Collected data:
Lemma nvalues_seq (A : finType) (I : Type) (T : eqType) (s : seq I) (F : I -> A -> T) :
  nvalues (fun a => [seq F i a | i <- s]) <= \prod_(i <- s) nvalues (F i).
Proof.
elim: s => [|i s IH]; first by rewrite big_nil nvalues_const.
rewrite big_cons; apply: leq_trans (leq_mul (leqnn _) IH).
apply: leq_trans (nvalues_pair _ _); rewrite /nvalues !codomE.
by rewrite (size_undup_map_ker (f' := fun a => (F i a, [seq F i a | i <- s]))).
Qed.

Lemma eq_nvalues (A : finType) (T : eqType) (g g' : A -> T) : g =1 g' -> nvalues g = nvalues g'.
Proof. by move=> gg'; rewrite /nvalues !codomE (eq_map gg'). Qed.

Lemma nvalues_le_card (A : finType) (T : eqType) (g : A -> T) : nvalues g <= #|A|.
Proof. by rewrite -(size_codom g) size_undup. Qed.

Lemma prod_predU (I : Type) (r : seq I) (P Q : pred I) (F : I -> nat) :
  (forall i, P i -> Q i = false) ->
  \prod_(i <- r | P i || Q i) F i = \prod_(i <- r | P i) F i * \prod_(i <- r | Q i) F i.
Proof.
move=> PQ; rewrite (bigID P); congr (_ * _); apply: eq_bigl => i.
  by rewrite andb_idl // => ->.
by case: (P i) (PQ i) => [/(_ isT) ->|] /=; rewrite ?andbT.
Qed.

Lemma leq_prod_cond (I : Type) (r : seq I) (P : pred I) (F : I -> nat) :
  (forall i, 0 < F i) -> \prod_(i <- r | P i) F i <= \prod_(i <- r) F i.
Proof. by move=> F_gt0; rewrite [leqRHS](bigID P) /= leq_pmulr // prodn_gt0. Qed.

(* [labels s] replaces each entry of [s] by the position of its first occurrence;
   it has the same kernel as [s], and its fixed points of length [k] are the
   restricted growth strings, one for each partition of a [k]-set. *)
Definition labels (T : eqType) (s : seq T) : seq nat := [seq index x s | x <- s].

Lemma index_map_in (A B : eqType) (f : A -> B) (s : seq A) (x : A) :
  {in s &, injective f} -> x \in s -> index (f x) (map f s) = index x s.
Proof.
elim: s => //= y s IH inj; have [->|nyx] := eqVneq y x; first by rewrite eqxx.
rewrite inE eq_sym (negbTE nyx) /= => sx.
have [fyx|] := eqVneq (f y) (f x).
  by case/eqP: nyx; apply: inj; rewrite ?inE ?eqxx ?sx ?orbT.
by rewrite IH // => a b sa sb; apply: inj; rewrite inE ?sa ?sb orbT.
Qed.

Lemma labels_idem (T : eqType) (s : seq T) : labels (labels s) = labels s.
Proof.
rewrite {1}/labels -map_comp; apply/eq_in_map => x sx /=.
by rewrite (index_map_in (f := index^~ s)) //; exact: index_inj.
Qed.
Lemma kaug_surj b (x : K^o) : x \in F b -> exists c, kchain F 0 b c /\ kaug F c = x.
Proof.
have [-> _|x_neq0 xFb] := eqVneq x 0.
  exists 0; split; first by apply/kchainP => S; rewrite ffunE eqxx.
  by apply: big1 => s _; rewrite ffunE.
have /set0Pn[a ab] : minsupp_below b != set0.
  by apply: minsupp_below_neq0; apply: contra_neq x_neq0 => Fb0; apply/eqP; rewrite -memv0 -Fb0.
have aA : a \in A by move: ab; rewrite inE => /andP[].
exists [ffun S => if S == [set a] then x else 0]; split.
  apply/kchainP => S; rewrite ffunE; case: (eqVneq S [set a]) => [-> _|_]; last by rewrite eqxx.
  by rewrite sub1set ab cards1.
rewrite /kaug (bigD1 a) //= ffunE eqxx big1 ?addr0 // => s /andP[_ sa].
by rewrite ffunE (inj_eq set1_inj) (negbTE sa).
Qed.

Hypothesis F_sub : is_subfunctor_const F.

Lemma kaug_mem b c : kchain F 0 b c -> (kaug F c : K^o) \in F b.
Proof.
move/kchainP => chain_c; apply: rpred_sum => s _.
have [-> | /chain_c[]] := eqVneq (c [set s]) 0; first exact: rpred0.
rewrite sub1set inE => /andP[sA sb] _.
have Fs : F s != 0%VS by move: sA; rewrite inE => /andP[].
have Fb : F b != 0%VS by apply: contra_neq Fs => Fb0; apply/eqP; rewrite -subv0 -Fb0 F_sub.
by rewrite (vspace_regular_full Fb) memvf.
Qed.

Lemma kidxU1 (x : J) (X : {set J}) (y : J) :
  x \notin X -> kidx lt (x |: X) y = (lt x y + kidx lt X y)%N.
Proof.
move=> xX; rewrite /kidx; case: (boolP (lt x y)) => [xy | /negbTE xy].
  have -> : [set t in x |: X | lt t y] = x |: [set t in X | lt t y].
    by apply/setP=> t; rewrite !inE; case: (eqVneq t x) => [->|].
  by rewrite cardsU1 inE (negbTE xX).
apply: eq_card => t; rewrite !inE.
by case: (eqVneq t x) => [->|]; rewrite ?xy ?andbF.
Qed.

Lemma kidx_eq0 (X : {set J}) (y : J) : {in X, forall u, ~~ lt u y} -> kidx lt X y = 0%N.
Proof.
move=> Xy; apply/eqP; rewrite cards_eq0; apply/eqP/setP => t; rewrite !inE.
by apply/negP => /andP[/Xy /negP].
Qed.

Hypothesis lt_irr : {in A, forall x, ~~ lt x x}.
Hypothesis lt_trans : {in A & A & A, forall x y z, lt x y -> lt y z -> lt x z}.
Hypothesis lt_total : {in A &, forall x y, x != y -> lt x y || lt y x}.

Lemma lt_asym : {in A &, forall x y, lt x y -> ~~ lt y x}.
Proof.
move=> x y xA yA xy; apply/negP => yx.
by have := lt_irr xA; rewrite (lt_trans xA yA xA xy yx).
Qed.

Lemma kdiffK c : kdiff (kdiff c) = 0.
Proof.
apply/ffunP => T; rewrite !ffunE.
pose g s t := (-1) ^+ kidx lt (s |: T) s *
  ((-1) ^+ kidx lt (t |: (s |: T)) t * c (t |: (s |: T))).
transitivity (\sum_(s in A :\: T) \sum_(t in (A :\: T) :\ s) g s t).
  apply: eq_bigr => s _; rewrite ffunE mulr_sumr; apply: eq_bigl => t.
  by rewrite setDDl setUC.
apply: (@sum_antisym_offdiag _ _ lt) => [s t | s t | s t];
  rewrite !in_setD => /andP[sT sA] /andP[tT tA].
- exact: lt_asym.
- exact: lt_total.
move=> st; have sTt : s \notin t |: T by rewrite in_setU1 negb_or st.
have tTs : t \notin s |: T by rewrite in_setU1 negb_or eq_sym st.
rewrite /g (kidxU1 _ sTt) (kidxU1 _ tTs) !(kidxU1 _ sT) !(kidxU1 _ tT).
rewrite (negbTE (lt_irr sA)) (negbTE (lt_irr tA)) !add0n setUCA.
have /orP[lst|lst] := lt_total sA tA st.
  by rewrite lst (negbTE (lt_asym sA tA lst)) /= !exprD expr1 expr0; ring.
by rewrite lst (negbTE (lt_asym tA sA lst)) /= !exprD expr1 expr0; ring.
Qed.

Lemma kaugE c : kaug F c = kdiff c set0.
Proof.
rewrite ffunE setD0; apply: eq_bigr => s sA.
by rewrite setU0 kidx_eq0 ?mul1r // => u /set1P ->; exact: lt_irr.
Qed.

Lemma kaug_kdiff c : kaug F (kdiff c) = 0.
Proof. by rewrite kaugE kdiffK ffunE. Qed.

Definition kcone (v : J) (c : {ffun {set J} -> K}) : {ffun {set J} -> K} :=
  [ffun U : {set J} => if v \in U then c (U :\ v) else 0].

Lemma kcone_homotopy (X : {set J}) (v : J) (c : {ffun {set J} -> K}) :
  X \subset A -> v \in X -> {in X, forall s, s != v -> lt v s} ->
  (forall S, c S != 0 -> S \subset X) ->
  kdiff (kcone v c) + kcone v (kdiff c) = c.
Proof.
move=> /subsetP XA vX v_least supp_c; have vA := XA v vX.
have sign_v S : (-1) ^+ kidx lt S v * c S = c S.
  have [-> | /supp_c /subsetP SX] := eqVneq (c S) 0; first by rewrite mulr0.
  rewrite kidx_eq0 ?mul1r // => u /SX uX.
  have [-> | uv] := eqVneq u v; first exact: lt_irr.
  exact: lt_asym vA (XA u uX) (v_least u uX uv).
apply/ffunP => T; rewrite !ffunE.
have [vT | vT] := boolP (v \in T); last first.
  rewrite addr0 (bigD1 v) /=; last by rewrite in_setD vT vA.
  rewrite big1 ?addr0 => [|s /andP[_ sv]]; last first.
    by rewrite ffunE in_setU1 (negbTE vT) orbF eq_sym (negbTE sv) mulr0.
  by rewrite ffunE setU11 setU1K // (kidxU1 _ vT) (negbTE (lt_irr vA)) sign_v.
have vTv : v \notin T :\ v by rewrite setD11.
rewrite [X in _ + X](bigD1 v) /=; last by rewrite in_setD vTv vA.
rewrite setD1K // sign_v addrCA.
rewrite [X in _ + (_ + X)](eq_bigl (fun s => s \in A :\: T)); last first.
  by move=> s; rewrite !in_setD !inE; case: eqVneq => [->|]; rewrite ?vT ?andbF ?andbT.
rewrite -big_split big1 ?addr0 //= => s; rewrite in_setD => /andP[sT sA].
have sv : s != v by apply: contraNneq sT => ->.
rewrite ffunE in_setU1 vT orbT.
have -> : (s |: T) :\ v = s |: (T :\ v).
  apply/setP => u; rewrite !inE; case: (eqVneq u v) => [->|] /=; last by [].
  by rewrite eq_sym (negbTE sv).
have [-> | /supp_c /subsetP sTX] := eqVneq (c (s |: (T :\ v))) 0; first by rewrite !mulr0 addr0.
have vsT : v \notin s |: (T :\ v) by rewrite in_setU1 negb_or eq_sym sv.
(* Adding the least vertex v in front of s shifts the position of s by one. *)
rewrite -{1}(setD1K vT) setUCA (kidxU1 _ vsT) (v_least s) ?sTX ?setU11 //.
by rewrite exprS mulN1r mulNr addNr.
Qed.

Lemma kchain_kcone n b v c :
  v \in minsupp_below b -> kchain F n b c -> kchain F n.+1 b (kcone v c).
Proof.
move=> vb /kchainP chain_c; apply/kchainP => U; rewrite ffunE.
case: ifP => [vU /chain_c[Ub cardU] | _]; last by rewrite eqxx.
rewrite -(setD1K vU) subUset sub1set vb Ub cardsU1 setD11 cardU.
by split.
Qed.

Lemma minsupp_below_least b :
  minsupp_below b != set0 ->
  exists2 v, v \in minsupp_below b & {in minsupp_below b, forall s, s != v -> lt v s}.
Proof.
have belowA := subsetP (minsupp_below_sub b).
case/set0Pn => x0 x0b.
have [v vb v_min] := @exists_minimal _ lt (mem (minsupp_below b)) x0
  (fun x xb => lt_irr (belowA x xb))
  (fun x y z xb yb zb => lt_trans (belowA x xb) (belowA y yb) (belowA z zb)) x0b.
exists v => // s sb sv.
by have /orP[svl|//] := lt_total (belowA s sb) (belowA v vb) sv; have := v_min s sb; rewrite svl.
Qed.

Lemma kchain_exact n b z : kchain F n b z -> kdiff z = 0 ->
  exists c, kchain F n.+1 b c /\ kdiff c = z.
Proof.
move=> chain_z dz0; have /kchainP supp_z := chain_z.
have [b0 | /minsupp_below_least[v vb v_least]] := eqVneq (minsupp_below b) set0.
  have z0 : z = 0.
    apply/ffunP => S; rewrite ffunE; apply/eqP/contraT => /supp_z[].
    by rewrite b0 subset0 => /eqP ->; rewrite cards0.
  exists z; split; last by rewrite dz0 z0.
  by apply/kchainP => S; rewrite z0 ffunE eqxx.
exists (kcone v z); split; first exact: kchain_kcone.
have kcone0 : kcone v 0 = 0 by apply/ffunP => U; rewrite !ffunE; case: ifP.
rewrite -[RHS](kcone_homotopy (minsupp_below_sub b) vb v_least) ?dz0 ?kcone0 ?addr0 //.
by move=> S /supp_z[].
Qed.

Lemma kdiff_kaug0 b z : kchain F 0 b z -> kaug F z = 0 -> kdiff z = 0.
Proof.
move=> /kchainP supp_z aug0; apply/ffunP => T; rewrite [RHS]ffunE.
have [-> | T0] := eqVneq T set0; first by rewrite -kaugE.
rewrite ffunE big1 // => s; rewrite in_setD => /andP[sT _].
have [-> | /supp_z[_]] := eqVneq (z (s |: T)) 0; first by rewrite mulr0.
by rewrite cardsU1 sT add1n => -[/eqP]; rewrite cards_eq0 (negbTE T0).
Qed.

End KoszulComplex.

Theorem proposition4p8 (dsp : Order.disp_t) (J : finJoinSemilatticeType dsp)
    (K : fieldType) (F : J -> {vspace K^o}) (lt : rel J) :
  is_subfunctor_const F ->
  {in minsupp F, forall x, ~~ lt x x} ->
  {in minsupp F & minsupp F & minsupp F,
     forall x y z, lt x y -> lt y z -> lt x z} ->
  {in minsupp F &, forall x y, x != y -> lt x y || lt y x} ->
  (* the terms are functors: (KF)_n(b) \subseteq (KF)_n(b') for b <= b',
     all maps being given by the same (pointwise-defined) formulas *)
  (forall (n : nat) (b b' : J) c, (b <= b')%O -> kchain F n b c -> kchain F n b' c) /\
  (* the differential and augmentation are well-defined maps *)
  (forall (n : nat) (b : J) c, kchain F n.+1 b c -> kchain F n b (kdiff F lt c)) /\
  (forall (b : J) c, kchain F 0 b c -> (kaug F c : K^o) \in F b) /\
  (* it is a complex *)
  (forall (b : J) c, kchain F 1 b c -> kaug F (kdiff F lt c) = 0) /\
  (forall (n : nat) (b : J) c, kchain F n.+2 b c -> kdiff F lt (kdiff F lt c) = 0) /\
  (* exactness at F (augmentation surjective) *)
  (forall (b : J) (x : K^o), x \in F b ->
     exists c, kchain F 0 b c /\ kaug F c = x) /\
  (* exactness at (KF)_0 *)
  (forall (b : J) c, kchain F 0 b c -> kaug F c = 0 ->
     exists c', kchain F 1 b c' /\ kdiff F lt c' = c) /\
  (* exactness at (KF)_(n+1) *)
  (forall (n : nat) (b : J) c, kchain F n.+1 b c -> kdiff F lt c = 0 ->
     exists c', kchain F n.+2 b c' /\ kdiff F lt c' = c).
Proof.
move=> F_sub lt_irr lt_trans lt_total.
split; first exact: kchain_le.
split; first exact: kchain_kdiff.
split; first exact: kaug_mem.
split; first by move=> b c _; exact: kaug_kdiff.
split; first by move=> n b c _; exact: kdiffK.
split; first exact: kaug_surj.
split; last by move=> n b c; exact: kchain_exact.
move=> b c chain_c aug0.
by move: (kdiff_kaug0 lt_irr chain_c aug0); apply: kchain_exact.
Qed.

▶ [Requirement]: Pull every line holding "else" out of the records.

▶ [Expected answer]:
exists [ffun S => if S == [set a] then x else 0]; split.
  [ffun U : {set J} => if v \in U then c (U :\ v) else 0].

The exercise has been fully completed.